Where in the listing does the string "testbitE" appear? Copy every line that holds it.

Information supplied:
┌────────

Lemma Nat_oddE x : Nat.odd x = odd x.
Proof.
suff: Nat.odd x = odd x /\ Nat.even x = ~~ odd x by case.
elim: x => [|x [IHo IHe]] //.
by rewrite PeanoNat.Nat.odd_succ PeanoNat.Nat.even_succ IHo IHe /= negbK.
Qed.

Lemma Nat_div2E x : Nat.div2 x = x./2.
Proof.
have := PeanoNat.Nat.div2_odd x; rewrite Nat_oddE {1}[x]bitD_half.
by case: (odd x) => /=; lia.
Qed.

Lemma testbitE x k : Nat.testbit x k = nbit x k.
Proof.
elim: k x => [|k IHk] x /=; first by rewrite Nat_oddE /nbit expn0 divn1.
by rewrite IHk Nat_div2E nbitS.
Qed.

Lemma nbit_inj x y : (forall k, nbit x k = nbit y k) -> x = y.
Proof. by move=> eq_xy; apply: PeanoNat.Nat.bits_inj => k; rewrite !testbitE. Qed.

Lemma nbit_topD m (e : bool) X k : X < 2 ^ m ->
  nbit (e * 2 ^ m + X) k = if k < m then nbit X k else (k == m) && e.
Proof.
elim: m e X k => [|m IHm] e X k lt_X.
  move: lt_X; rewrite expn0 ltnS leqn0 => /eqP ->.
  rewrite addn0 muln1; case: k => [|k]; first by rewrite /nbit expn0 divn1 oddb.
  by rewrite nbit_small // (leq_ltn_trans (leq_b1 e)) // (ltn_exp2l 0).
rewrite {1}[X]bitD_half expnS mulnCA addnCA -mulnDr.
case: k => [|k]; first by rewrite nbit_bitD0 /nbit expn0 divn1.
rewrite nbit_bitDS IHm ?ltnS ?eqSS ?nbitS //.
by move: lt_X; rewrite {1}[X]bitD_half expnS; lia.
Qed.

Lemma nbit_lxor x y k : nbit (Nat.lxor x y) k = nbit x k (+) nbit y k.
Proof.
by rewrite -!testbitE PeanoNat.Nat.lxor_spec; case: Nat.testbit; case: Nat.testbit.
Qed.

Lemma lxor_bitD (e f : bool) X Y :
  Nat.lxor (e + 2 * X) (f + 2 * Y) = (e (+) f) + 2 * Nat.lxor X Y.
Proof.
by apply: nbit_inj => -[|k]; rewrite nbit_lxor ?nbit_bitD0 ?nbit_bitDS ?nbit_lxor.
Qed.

└────────

Answer to the problem:
Lemma testbitE x k : Nat.testbit x k = nbit x k.
Proof. by move=> eq_xy; apply: PeanoNat.Nat.bits_inj => k; rewrite !testbitE. Qed.
by rewrite -!testbitE PeanoNat.Nat.lxor_spec; case: Nat.testbit; case: Nat.testbit.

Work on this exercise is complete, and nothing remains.